__WORK ORDER__.
Go through the entries below and print, exactly, the lines starting at the one with "Lemma H_S q" and ending at the one with "Lemma inv_pow_INR_S_bounds p", keeping both ends and no others.

__MATERIAL PROVIDED__.
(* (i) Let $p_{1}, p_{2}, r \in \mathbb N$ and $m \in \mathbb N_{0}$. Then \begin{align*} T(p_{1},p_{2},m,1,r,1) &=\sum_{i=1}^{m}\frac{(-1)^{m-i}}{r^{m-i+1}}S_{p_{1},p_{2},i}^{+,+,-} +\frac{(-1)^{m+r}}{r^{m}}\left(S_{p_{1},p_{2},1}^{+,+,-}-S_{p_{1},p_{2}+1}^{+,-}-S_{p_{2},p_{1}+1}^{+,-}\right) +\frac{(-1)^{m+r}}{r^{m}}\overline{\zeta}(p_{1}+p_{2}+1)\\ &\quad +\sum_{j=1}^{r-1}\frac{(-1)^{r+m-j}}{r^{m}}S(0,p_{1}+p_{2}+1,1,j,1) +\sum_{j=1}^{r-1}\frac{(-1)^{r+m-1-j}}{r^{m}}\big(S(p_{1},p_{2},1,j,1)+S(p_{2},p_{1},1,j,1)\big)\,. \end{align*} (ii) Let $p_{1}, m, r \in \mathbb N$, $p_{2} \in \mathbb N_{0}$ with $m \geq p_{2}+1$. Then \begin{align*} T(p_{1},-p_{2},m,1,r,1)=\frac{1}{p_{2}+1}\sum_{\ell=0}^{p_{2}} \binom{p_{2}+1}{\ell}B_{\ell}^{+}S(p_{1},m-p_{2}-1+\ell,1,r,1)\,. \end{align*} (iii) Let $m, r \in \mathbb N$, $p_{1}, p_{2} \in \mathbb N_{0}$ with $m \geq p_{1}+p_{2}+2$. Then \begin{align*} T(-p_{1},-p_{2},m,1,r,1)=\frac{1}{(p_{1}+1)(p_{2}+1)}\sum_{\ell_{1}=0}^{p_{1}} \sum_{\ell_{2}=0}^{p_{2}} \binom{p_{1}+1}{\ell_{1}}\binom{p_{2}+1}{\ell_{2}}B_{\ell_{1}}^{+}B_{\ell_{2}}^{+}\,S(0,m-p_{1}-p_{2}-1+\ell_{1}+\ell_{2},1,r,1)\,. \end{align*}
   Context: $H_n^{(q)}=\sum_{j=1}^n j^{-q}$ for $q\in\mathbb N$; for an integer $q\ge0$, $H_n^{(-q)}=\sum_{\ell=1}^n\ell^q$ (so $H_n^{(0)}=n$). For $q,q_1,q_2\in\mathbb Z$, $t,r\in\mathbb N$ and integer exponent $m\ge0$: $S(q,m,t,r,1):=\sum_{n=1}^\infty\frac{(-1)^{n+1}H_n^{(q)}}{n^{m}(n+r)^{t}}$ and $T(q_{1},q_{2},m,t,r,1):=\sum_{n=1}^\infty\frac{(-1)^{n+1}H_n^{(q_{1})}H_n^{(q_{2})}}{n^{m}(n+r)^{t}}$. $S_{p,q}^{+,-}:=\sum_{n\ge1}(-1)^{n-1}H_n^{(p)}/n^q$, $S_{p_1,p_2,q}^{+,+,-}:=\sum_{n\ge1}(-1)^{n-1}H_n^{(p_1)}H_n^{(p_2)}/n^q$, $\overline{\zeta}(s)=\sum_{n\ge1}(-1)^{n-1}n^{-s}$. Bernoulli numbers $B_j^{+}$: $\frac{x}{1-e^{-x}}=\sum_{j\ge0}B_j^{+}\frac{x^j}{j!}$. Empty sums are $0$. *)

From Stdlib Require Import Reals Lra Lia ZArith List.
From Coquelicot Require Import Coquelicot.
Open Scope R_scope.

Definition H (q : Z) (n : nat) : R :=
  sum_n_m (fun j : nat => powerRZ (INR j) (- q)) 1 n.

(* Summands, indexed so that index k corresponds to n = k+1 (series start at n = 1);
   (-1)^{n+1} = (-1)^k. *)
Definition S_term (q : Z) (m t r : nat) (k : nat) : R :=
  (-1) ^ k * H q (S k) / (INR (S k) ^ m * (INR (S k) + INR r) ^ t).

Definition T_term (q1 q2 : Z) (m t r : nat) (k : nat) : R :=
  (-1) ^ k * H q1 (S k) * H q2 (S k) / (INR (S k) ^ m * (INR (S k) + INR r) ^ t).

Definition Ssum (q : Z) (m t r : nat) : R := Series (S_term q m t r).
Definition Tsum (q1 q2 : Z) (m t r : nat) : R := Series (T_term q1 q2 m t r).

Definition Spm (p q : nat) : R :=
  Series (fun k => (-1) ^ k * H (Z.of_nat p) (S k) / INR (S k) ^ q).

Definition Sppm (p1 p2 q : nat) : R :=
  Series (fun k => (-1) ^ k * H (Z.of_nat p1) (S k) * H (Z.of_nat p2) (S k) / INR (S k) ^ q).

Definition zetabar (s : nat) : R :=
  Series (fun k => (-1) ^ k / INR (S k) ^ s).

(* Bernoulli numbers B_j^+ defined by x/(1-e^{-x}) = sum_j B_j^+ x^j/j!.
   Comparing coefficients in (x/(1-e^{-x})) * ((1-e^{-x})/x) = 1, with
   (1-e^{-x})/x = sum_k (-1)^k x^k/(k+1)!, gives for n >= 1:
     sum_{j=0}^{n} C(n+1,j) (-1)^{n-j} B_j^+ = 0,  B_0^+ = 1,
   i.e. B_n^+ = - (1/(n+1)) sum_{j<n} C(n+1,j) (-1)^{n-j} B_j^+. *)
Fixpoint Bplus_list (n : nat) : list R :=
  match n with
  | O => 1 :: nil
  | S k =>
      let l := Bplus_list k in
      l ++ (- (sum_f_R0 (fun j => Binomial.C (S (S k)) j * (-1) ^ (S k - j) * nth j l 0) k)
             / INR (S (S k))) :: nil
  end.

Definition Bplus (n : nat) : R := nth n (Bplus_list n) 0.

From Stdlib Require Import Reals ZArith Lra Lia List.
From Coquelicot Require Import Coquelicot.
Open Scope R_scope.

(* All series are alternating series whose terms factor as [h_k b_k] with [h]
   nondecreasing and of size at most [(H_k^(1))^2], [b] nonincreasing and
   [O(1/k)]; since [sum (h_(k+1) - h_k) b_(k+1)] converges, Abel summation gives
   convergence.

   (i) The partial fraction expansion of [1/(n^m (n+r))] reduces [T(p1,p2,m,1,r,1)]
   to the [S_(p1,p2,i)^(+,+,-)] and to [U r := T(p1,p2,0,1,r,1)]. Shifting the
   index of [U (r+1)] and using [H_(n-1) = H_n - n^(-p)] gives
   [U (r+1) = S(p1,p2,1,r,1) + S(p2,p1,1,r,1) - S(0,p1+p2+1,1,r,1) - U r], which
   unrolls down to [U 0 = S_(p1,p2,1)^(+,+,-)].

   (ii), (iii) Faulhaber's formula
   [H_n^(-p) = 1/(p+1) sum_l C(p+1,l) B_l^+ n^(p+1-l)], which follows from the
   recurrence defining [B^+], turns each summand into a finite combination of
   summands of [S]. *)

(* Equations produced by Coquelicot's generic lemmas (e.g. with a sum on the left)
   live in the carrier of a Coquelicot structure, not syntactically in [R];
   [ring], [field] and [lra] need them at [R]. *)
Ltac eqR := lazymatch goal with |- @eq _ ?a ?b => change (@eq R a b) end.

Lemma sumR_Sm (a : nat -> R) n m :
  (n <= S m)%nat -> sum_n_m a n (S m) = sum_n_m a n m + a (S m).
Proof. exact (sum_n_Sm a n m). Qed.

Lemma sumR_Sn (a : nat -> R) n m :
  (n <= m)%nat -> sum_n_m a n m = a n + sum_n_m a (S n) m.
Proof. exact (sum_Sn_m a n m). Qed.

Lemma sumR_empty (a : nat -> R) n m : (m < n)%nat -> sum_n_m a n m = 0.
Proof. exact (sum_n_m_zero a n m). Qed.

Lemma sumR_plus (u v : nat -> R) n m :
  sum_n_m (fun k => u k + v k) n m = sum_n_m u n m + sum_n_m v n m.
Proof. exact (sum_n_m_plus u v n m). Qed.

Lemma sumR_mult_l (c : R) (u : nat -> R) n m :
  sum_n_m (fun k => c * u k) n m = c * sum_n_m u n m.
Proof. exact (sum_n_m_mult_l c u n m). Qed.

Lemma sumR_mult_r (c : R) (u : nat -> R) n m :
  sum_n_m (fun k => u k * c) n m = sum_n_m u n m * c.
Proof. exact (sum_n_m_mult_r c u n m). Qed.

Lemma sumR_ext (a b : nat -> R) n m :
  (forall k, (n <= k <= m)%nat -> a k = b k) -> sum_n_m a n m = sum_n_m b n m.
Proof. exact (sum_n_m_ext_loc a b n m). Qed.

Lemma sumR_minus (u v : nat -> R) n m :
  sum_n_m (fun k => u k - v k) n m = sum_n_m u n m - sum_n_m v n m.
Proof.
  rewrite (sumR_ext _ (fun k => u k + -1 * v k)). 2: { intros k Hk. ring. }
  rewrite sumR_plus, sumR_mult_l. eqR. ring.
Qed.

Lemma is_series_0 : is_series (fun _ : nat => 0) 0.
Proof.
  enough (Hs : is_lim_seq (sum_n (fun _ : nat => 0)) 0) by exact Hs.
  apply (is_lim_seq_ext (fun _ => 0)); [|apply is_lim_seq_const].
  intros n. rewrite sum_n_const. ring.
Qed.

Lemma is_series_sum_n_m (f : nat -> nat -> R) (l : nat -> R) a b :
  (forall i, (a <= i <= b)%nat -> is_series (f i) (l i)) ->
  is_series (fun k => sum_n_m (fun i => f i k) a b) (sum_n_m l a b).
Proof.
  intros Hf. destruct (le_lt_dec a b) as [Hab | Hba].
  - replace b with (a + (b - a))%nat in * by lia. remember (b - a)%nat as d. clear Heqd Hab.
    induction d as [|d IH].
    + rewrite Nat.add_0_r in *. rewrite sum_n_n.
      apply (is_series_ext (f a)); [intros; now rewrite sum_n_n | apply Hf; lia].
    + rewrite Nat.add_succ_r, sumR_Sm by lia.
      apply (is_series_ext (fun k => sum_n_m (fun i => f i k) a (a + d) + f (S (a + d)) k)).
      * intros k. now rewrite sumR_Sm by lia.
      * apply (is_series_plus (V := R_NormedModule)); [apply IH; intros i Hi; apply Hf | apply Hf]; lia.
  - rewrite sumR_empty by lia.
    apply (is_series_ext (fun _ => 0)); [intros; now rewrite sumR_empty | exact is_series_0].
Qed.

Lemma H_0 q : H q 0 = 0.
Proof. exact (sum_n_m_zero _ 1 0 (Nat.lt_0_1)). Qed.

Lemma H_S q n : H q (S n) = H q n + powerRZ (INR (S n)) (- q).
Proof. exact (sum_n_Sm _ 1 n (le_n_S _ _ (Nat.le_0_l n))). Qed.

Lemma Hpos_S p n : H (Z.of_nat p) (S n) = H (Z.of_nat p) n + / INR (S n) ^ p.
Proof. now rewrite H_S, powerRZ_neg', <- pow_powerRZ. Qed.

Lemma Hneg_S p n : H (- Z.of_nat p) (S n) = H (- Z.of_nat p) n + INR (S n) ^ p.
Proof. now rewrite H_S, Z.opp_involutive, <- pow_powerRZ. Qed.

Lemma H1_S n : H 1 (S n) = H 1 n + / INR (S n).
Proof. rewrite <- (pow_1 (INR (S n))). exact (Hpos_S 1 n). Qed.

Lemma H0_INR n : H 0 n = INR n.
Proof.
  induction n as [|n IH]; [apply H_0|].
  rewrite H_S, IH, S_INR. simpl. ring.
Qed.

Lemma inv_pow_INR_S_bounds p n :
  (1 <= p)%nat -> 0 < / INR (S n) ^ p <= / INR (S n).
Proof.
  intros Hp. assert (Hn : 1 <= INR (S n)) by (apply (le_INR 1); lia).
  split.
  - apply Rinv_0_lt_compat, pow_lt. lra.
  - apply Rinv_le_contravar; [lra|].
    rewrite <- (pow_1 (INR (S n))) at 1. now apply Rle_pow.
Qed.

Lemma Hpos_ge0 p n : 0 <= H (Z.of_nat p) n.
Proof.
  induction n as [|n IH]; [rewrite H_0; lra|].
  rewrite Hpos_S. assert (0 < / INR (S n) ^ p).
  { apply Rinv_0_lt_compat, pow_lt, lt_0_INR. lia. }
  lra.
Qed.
...
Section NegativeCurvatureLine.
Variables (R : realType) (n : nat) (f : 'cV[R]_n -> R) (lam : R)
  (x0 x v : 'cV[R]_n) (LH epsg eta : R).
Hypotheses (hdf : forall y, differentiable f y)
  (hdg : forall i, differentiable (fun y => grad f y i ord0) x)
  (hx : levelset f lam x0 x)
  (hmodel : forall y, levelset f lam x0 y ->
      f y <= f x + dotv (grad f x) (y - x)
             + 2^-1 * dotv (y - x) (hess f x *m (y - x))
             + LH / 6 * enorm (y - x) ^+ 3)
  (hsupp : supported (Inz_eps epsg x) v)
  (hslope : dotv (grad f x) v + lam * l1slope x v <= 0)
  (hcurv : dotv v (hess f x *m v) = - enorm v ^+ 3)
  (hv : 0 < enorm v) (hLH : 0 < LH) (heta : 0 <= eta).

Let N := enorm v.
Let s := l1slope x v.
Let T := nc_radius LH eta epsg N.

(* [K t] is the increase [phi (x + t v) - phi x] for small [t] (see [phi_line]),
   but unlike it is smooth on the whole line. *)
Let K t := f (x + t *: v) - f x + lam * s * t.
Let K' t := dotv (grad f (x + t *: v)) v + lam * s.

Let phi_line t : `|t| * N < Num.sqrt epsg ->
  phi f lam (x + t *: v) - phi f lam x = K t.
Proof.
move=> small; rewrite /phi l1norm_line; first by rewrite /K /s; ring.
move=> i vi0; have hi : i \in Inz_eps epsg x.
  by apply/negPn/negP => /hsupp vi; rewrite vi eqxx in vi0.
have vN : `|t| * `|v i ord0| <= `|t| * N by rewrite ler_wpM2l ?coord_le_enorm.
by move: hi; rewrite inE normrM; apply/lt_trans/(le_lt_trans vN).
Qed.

__RESPONSE__.
Lemma H_S q n : H q (S n) = H q n + powerRZ (INR (S n)) (- q).
Proof. exact (sum_n_Sm _ 1 n (le_n_S _ _ (Nat.le_0_l n))). Qed.

Lemma Hpos_S p n : H (Z.of_nat p) (S n) = H (Z.of_nat p) n + / INR (S n) ^ p.
Proof. now rewrite H_S, powerRZ_neg', <- pow_powerRZ. Qed.

Lemma Hneg_S p n : H (- Z.of_nat p) (S n) = H (- Z.of_nat p) n + INR (S n) ^ p.
Proof. now rewrite H_S, Z.opp_involutive, <- pow_powerRZ. Qed.

Lemma H1_S n : H 1 (S n) = H 1 n + / INR (S n).
Proof. rewrite <- (pow_1 (INR (S n))). exact (Hpos_S 1 n). Qed.

Lemma H0_INR n : H 0 n = INR n.
Proof.
  induction n as [|n IH]; [apply H_0|].
  rewrite H_S, IH, S_INR. simpl. ring.
Qed.

Lemma inv_pow_INR_S_bounds p n :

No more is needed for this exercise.